**YOUR OBJECTIVE:**
Look for the word "prefers" in the records, and copy each line where it appears.

────────

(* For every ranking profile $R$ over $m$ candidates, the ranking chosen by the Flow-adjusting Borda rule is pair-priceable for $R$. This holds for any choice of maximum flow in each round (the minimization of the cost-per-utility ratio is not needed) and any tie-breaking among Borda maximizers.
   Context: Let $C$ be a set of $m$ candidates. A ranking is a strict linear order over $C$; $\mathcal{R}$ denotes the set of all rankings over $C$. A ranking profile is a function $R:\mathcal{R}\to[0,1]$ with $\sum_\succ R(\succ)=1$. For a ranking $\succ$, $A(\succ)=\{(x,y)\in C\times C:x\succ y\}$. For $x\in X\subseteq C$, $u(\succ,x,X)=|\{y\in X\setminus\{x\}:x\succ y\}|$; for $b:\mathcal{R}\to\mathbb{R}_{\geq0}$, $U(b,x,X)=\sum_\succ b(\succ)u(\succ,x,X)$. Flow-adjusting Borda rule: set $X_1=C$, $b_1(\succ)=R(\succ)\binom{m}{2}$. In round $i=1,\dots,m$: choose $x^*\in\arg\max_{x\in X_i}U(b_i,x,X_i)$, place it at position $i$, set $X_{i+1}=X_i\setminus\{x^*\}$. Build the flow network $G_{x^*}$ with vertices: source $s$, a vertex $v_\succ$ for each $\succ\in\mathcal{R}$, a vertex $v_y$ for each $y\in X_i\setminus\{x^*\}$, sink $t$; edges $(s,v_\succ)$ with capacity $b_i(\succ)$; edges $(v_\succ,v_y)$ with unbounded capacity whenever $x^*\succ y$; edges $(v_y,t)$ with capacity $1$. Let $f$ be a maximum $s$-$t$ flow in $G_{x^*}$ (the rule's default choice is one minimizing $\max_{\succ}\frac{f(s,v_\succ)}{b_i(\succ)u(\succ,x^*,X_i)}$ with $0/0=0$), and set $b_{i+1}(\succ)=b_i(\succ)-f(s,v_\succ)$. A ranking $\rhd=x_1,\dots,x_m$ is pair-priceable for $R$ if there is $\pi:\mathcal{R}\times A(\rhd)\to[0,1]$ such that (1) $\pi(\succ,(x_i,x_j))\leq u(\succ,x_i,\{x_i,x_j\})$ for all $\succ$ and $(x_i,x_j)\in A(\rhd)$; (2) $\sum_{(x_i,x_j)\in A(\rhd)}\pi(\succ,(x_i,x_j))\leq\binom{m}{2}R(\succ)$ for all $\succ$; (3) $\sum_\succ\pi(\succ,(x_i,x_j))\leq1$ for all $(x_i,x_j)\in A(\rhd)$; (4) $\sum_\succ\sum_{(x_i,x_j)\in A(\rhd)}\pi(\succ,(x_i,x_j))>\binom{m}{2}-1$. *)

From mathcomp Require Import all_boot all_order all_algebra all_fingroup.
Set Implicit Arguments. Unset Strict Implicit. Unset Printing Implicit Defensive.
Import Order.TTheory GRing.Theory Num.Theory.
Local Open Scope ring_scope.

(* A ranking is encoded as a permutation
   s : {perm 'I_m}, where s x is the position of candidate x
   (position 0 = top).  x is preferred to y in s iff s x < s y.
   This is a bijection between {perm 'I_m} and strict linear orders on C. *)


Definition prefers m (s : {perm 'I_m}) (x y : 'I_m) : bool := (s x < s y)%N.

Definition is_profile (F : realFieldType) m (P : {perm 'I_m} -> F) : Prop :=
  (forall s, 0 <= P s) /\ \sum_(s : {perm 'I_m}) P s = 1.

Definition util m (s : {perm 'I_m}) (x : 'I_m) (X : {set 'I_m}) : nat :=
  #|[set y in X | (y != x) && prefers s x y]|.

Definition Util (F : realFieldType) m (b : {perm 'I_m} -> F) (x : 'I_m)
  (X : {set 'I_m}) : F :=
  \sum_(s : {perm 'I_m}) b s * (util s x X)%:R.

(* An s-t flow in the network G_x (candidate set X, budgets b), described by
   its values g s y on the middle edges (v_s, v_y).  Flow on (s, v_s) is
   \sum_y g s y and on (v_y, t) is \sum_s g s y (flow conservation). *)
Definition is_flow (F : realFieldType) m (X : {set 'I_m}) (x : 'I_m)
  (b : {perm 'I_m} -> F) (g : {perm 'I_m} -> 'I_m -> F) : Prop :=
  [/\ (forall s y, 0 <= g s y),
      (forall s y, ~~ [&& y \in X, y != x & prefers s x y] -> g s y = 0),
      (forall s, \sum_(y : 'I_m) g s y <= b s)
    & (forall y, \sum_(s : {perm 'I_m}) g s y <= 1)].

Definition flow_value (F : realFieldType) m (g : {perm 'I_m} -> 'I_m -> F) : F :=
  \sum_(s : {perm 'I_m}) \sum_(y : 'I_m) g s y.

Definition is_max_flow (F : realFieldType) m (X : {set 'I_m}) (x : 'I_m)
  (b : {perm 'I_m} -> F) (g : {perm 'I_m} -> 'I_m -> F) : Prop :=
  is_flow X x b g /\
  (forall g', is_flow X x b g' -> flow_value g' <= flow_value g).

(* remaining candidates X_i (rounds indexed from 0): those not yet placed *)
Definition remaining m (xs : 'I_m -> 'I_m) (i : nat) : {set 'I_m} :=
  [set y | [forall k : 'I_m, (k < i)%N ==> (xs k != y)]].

────────

**SOLUTION BELOW:**
Definition prefers m (s : {perm 'I_m}) (x y : 'I_m) : bool := (s x < s y)%N.
  #|[set y in X | (y != x) && prefers s x y]|.
      (forall s y, ~~ [&& y \in X, y != x & prefers s x y] -> g s y = 0),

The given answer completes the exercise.